Personnages du Coran et de la Bible

Jésus-Christ (quatrième partie)

Comme nous l’avons vu à plusieurs reprises, le Coran reconnaît Jésus comme prophète. Le mot prophète désigne quelqu’un qui reçoit un message directement de la part de Dieu, un message inspiré qu’il est censé transmettre aux hommes. Bien sûr, il y a toujours eu de faux prophètes, des hommes qui prétendent parler pour Dieu mais qui, en fait, trompent leurs auditeurs. Le Coran traite Jésus de vrai prophète, mais en même temps il insiste sur l’idée que Jésus n’était pas plus qu’un prophète, qu’il n’était qu’un simple messager. Mais il faut dire aussi que le Coran parle de « al-Masih » (3:28) ou « le Messie, Jésus, le fils de Marie » (4:171). Alors, si Mohamed reconnaissait en Jésus le Messie, cela vaut la peine d’examiner le sens de ce titre et de déterminer la mission de celui qui devait le porter.

Le Messie

Dans l’Évangile selon Jean, nous voyons aux premiers chapitres deux futurs apôtres de Jésus, André et son frère Simon Pierre. Jean-Baptiste venait de rendre témoignage à Jésus de Nazareth, et André, qui était déjà un disciple de Jean-Baptiste, l’entendit. Jean 1.41 dit : « Ce fut lui qui rencontra le premier son frère Simon, et il lui dit : Nous avons trouvé le Messie (ce qui signifie Christ) ». Dans ce verset nous avons un mot hébreu et un mot grec qui ont tous les deux été francisés. Le mot hébreu, mashiac, et le mot grec, christos, ont le même sens ; ils signifient « oint », ou « celui qui a été oint ». Mais quel est le sens de ce terme curieux ?

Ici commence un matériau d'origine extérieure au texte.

Lemma star_pressure_exists WL WR : nondeg b WL -> nondeg b WR -> no_vacuum b WL WR ->
  exists P, star_pressure b WL WR P.
Proof.
move=> ndL ndR novac; have [rL0 bL pL gL] := ndL; have [rR0 bR pR gR] := ndR.
set fL := fwave b (x_rho WL) (x_p b WL) (x_g WL).
set fR := fwave b (x_rho WR) (x_p b WR) (x_g WR).
set du := x_u WR - x_u WL; set F := fun P => fL P + fR P + du.
set E := escape b WL + escape b WR.
have E0 : 0 < E by rewrite addr_gt0 ?escape_gt0.
set s := (E - du) / E.
have s0 : 0 < s by rewrite divr_gt0 // subr_gt0.
have sE : escape b WL * s + escape b WR * s = E - du by rewrite -mulrDl mulrC divfK // gt_eqF.
have [P0L P0L0 smallL] := fwave_le_near0 rL0 bL pL gL s0.
have [P0R P0R0 smallR] := fwave_le_near0 rR0 bR pR gR s0.
set P0 := Num.min P0L P0R.
have P00 : 0 < P0 by rewrite lt_min P0L0.
have FP0 : F P0 <= 0.
  have := smallL P0; have := smallR P0.
  rewrite -/(escape b WL) -/(escape b WR) !mulrBr !mulr1 P00 !ge_min !lexx ?orbT /=.
  by rewrite /F /fL /fR => /(_ isT) hR /(_ isT) hL; move: sE; rewrite /E; lra.
have K0 : 0 <= Num.max 0 (- du) by rewrite le_max lexx.
have [P1L _ largeL] := fwave_unbounded rL0 bL pL gL K0.
have [P1R _ largeR] := fwave_unbounded rR0 bR pR gR (lexx 0).
set P1 := Num.max P0 (Num.max P1L P1R).
have FP1 : 0 <= F P1.
  have := largeL P1; have := largeR P1; rewrite !le_max !lexx !orbT /=.
  have : - du <= Num.max 0 (- du) by rewrite le_max lexx orbT.
  by rewrite /F /fL /fR => ? /(_ isT) hR /(_ isT) hL; lra.
have P01 : P0 <= P1 by rewrite le_max lexx.
have F01 : Num.min (F P0) (F P1) <= 0 <= Num.max (F P0) (F P1).
  by rewrite ge_min le_max FP0 FP1 orbT.
have Fcont : {within `[P0, P1], continuous F}%classic.
  apply: continuous_in_subspaceT => x; rewrite inE /= in_itv /= => /andP[P0x _].
  have x0 : 0 < x := lt_le_trans P00 P0x.
  have : {for x, continuous (fun P : R => fL P + fR P + du)}.
    apply: continuousD; last exact: cst_continuous.
    by apply: continuousD; apply: continuous_fwave.
  by [].
have [P /andP[P0P _] FP] := IVT P01 Fcont F01.
by exists P; split; [exact: lt_le_trans P00 P0P | move: FP; rewrite /F /fL /fR /du /=; lra].
Qed.

Lemma riemann_maxspeed_exists WL WR : nondeg b WL -> nondeg b WR ->
  exists lam, riemann_maxspeed b WL WR lam.
Proof.
move=> ndL ndR; case novac : (x_u WR - x_u WL < escape b WL + escape b WR).
  have [P star] := star_pressure_exists ndL ndR novac.
  eexists; split; first exact: ndL; split; first exact: ndR.
  by left; split => //; exists P; split; [exact: star | reflexivity].
eexists; split; first exact: ndL; split; first exact: ndR.
by right; split; [rewrite /no_vacuum novac | reflexivity].
Qed.
End StarPressure.

Section Vectors.
Variables (R : realType) (d : nat).
Implicit Types (a c M nv : vec R d).

Lemma dotvC a c : dotv a c = dotv c a.
Proof. by apply: eq_bigr => k _; rewrite mulrC. Qed.

Lemma dotv_ge0 c : 0 <= dotv c c.
Proof. by apply: sumr_ge0 => k _; rewrite -expr2 sqr_ge0. Qed.

Lemma dotv_gt0 c : (exists q, c q != 0) -> 0 < dotv c c.
Proof.
case=> q cq; rewrite lt_def dotv_ge0 andbT; apply: contraNN cq => /eqP.
move/psumr_eq0P => /(_ (fun k _ => ltac:(by rewrite -expr2 sqr_ge0)) q isT) /eqP.
by rewrite mulf_eq0 orbb.
Qed.

Lemma dotv_nij M c : dotv M (nij c) = dotv M c / normv c.
Proof. by rewrite /dotv /nij mulr_suml; apply: eq_bigr => k _; rewrite mulrA. Qed.

Lemma normv_nij c : (exists q, c q != 0) -> normv (nij c) = 1.
Proof.
move=> /dotv_gt0 cc; have N0 : 0 < normv c by rewrite sqrtr_gt0.
rewrite /normv dotv_nij dotvC dotv_nij -/(normv c) -mulrA -invfM -expr2.
by rewrite sqr_sqrtr ?ltW // divff ?gt_eqF // sqrtr1.
Qed.

Lemma dotv_unit nv : normv nv = 1 -> dotv nv nv = 1.
Proof. by move=> n1; rewrite -[LHS]sqr_sqrtr ?dotv_ge0 // -/(normv nv) n1 expr1n. Qed.

Lemma dotv_tangential M nv : dotv nv nv = 1 ->
  dotv (fun k => M k - dotv M nv * nv k) (fun k => M k - dotv M nv * nv k)
  = dotv M M - dotv M nv ^+ 2.
Proof.
move=> n1.
have expand (a : R) : dotv (fun k => M k - a * nv k) (fun k => M k - a * nv k)
                = dotv M M - 2 * a * dotv M nv + a ^+ 2 * dotv nv nv.
  rewrite /dotv !mulr_sumr -sumrB -big_split /=.
  by apply: eq_bigr => k _; ring.
by rewrite expand n1; ring.
Qed.

Variables (b : R) (p : state R d -> R).
Implicit Type U : state R d.

Lemma ext_of_g nv U : st_rho U != 0 -> x_g (ext_of b p nv U) = gam b p U.
Proof. by move=> r0; rewrite /x_g /=; field. Qed.

Lemma ext_of_p nv U : dotv nv nv = 1 -> admissible b U -> x_p b (ext_of b p nv U) = p U.
Proof.
move=> n1 [r0 [br e0]]; rewrite /x_p ext_of_g ?gt_eqF // /= dotv_tangential //.
move: e0; rewrite /gam /int_energy => e0.
field; rewrite !gt_eqF //=.
have -> : st_E U * (st_rho U * 2) - dotv (st_M U) (st_M U)
  = 2 * st_rho U ^+ 2 * (st_E U / st_rho U - dotv (st_M U) (st_M U) / st_rho U ^+ 2 / 2).
  by field; rewrite gt_eqF.
by rewrite !mulr_gt0 ?exprn_gt0.
Qed.

Lemma gam_gt1 U : admissible b U -> 0 < p U -> 1 < gam b p U.
Proof.
move=> [r0 [br e0]] p0; rewrite /gam -ltrBlDl subrr.
by rewrite divr_gt0 ?mulr_gt0.
Qed.

Lemma ext_of_nondeg nv U : dotv nv nv = 1 -> admissible b U -> 0 < p U ->
  nondeg b (ext_of b p nv U).
Proof.
move=> n1 adm p0; have [r0 [br _]] := adm.
by split; rewrite /= ?ext_of_p ?ext_of_g ?gt_eqF ?gam_gt1.
Qed.
End Vectors.

Lemma convex_update_le (R : realFieldType) (V : finType) (P : {pred V}) (w rb : V -> R)
    (r0 M mu rho : R) :
  0 < mu -> (forall j, P j -> 0 <= w j) -> (forall j, P j -> rb j <= M) -> r0 <= M ->
  \sum_(j | P j) w j <= mu -> mu * (rho - r0) = \sum_(j | P j) w j * (rb j - r0) ->
  rho <= M.
Proof.
move=> mu0 w0 rbM r0M wmu upd.
have : mu * (rho - r0) <= mu * (M - r0).
  rewrite upd; apply: (@le_trans _ _ (\sum_(j | P j) w j * (M - r0))).
  - by apply: ler_sum => j Pj; rewrite ler_wpM2l ?lerD2r ?w0 ?rbM.
  - by rewrite -mulr_suml ler_wpM2r // subr_ge0.
by rewrite ler_pM2l // lerD2r.
Qed.

Section LowOrderUpdate.
Variables (R : realType) (d : nat) (b : R) (p : state R d -> R) (V : finType).
Variables (c : V -> V -> vec R d) (lamhat : vec R d -> state R d -> state R d -> R).
Variable U : V -> state R d.
Hypothesis lamhat_gt0 : forall nv W1 W2, 0 < lamhat nv W1 W2.
Hypothesis lamhat_ge : forall nv W1 W2 lam, normv nv = 1 -> admissible b W1 -> admissible b W2 ->
  riemann_maxspeed b (ext_of b p nv W1) (ext_of b p nv W2) lam -> lam <= lamhat nv W1 W2.
Hypothesis U_adm : forall k, admissible b (U k).
Hypothesis p_gt0 : forall k, 0 < p (U k).

Lemma dLow_gt0 i j : (exists q, c i j q != 0) -> 0 < dLow lamhat c U i j.
Proof.
by move=> /dotv_gt0 cc; rewrite /dLow lt_max mulr_gt0 ?sqrtr_gt0.
Qed.

Lemma rhobar_covolume i j : (exists q, c i j q != 0) -> j != i ->
  b * rhobar lamhat c U i j <= 1.
Proof.
move=> cij ji; set nv := nij (c i j).
have n1 : normv nv = 1 := normv_nij cij.
have N0 : 0 < normv (c i j) by rewrite sqrtr_gt0 dotv_gt0.
have D0 := dLow_gt0 cij.
have nd k : nondeg b (ext_of b p nv (U k)) by apply: ext_of_nondeg; rewrite ?dotv_unit.
have [lam ms] := riemann_maxspeed_exists (nd i) (nd j).
set lam' := dLow lamhat c U i j / normv (c i j).
have lam'0 : 0 < lam' by rewrite divr_gt0.
have : lam <= lam'.
  apply: le_trans (lamhat_ge n1 (U_adm i) (U_adm j) ms) _.
  by rewrite ler_pdivlMr // /dLow le_max lexx.
(* [rhobar] is the average of the two states weighted by their relative speeds
   with respect to [lam'], which dominates the maximal wave speed *)
move=> /(riemann_maxspeed_covolume ms); rewrite /x_u /= !dotv_nij.
have -> : rhobar lamhat c U i j =
    (st_rho (U i) * (lam' + dotv (st_M (U i)) (c i j) / normv (c i j) / st_rho (U i))
     + st_rho (U j) * (lam' - dotv (st_M (U j)) (c i j) / normv (c i j) / st_rho (U j)))
    / (2 * lam').
  have [[ri0 _] [rj0 _]] := (U_adm i, U_adm j).
  by rewrite /rhobar (negbTE ji) /lam'; field; rewrite !gt_eqF.
by rewrite mulrA ler_pdivrMr ?mul1r // mulr_gt0.
Qed.

(* As the [c i j] sum to zero, the fluxes [M_j . c_ij] may be replaced by
   [(M_j - M_i) . c_ij], which is what [rhobar] is built from. *)
Lemma low_order_density_eq (I : {set V}) (mi tau rhoL : R) i :
  i \in I -> (forall q, \sum_(j in I) c i j q = 0) ->
  (forall j, j \in I -> j != i -> dLow lamhat c U i j != 0) ->
  mi / tau * (rhoL - st_rho (U i)) + \sum_(j in I) dotv (st_M (U j)) (c i j)
    - \sum_(j in I | j != i) dLow lamhat c U i j * (st_rho (U j) - st_rho (U i)) = 0 ->
  mi / tau * (rhoL - st_rho (U i))
    = \sum_(j in I | j != i) 2 * dLow lamhat c U i j * (rhobar lamhat c U i j - st_rho (U i)).
Proof.
move=> iI csum D0 upd.
have flux0 : \sum_(j in I) dotv (st_M (U i)) (c i j) = 0.
  rewrite /dotv exchange_big /=; apply: big1 => k _.
  by rewrite -mulr_sumr csum mulr0.
have flux : \sum_(j in I) dotv (st_M (U j)) (c i j)
    = \sum_(j in I | j != i) (dotv (st_M (U j)) (c i j) - dotv (st_M (U i)) (c i j)).
  rewrite -[LHS]subr0 -[X in _ - X]flux0 -sumrB (bigD1 i iI) /= subrr add0r.
  by apply: eq_bigl => j; rewrite andbC.
have terms : \sum_(j in I | j != i) 2 * dLow lamhat c U i j * (rhobar lamhat c U i j - st_rho (U i))
    = \sum_(j in I | j != i) (dLow lamhat c U i j * (st_rho (U j) - st_rho (U i))
        - (dotv (st_M (U j)) (c i j) - dotv (st_M (U i)) (c i j))).
  apply: eq_bigr => j /andP[jI ji]; have := D0 j jI ji.
  by rewrite /rhobar (negbTE ji) => Dij; field.
by rewrite terms sumrB -flux; lra.
Qed.
End LowOrderUpdate.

Dans la Bible on trouve trois catégories de personnes qui recevaient une onction d’huile, c’est-à-dire qu’on leur versait de l’huile sur la tête quand ils entraient dans leurs fonctions. Ces trois catégories étaient les prêtres, chargés de présenter à Dieu les sacrifices de son peuple, les prophètes, chargés de transmettre au peuple des messages de la part de Dieu, et les rois, chargés de gouverner et conduire le peuple au nom de Dieu, le véritable roi des rois. En Exode 28.41 nous lisons que Dieu dit : « Toi, Moïse, tu revêtiras ton frère Aaron et ses fils de ces habits, tu verseras de l’huile sur leur tête et tu leur confieras leur charge, c’est de cette manière que tu les consacreras pour qu’ils me servent en tant que prêtres. » En 1 Rois 19.16 Dieu dit au prophète Élie : « Tu oindras Élisée, fils de Schaphath, d’Abel-Mehola, pour prophète à ta place. » À la même occasion, Dieu lui dit : « Va, reprends ton chemin par le désert jusqu’à Damas ; et quand tu seras arrivé, tu oindras Hazaël pour roi de Syrie. Tu oindras aussi Jéhu, fils de Nimschi, pour roi d’Israël. » On pourrait citer plusieurs autres passages pour illustrer cette pratique.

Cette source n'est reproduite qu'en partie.